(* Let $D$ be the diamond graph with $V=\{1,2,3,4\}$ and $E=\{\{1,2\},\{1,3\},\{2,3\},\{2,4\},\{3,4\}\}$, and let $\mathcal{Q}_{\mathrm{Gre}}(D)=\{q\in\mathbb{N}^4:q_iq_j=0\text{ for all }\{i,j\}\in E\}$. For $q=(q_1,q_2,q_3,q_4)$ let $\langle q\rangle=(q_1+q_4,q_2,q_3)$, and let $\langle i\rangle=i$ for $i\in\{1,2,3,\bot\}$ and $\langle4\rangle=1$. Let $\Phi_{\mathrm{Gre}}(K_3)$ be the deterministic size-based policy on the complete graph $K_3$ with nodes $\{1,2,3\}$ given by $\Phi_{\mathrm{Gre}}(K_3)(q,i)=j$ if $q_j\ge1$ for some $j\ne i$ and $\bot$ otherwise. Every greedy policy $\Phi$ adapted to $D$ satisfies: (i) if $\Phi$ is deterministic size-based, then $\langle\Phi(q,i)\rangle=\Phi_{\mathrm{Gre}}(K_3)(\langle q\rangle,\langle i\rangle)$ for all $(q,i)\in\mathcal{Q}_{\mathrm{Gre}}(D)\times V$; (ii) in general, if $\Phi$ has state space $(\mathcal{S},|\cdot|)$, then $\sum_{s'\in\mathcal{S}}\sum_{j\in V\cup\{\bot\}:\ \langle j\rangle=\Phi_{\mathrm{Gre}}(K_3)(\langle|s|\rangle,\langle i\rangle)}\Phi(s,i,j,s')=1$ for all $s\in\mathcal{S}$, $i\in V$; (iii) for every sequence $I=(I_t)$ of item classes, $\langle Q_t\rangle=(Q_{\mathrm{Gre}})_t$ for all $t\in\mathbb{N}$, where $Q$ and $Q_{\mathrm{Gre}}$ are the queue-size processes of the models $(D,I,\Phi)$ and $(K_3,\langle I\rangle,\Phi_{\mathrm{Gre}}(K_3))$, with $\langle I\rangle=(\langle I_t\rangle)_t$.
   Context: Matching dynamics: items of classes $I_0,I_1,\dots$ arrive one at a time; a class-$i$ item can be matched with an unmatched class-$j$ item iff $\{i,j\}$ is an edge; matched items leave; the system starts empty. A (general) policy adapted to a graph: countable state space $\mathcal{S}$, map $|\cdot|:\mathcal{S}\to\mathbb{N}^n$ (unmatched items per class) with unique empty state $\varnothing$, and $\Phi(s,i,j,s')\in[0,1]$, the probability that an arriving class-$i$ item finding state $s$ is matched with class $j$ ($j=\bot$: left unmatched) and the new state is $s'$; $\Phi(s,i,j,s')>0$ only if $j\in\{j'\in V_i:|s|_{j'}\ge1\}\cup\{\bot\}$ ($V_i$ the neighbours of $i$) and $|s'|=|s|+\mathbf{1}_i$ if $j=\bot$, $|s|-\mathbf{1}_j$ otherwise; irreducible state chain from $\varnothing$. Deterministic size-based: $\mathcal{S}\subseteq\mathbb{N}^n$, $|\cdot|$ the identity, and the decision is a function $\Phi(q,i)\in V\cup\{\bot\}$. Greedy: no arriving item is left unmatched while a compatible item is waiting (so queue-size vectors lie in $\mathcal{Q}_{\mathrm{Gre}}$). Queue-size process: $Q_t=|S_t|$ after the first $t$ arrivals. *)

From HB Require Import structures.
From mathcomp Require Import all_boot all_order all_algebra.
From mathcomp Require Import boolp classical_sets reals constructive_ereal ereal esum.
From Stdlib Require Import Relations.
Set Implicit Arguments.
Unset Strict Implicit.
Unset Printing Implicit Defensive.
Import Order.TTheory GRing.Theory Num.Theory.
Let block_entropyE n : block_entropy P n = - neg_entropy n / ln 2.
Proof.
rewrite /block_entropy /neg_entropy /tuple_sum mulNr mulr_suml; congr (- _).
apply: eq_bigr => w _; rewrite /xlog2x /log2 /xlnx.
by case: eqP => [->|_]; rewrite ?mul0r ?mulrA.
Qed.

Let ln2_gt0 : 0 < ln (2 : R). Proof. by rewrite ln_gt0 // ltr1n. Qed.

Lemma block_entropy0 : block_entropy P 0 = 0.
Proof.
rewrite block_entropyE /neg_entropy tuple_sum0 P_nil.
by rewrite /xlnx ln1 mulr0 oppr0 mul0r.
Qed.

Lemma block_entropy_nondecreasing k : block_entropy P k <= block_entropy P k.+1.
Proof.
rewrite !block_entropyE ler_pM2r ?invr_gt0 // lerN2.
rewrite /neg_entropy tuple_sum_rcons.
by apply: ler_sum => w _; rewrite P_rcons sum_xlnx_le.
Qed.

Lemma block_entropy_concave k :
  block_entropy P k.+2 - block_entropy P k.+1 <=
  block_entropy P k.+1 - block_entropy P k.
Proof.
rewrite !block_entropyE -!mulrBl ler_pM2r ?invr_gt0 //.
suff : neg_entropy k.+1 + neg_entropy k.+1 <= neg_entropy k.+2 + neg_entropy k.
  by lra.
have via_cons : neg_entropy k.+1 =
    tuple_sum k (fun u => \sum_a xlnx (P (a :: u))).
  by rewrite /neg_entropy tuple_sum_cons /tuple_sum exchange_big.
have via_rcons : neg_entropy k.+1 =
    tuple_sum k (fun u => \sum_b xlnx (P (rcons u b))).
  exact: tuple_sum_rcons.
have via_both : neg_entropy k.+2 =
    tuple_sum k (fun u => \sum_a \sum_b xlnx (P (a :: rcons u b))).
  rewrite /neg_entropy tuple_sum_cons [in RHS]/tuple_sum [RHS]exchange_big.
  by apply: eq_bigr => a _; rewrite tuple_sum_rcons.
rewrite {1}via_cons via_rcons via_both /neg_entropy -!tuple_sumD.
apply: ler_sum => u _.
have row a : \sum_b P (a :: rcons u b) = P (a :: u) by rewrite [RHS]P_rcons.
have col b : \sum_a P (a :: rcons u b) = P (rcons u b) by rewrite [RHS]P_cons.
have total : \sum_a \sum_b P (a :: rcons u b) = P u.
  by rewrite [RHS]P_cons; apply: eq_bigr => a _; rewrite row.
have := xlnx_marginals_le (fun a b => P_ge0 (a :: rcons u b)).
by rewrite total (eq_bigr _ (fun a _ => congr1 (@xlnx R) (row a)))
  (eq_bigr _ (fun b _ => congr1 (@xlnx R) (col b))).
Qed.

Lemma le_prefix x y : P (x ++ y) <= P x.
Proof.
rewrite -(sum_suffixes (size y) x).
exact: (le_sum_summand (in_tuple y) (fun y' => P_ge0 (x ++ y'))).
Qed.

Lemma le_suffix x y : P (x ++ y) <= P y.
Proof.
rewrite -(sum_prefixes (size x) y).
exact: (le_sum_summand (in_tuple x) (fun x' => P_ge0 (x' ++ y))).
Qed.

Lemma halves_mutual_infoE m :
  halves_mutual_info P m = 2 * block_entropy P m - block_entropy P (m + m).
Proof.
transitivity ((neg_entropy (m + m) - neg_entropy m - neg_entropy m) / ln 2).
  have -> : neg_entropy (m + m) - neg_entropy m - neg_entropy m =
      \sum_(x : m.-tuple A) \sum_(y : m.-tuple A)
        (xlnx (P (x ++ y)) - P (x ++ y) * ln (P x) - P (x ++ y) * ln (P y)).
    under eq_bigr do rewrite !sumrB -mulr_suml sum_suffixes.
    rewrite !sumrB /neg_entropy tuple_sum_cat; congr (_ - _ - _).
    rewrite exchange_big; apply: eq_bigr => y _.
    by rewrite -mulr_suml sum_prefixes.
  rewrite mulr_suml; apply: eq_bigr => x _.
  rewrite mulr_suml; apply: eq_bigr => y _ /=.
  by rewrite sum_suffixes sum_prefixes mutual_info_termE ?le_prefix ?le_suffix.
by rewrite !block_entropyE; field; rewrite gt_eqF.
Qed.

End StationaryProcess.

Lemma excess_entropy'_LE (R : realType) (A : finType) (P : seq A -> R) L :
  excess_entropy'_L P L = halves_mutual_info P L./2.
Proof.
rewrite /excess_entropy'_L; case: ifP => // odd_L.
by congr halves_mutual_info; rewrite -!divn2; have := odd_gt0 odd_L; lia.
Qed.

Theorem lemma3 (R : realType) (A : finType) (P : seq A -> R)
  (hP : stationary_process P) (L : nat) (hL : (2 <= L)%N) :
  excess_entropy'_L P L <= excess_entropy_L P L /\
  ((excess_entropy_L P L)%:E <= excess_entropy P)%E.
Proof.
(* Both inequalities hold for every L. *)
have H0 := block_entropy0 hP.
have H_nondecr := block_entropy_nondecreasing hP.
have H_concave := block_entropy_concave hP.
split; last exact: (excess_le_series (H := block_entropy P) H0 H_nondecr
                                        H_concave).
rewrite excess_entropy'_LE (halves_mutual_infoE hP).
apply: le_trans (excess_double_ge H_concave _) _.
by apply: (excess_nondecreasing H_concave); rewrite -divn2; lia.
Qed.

What the exercise asks —
Beginning with the line in which "rewrite excess_entropy'_LE (halves_mutual_infoE" appears, print each remaining line of the listing exactly, the last line included.

Result of the task —
rewrite excess_entropy'_LE (halves_mutual_infoE hP).
apply: le_trans (excess_double_ge H_concave _) _.
by apply: (excess_nondecreasing H_concave); rewrite -divn2; lia.
Qed.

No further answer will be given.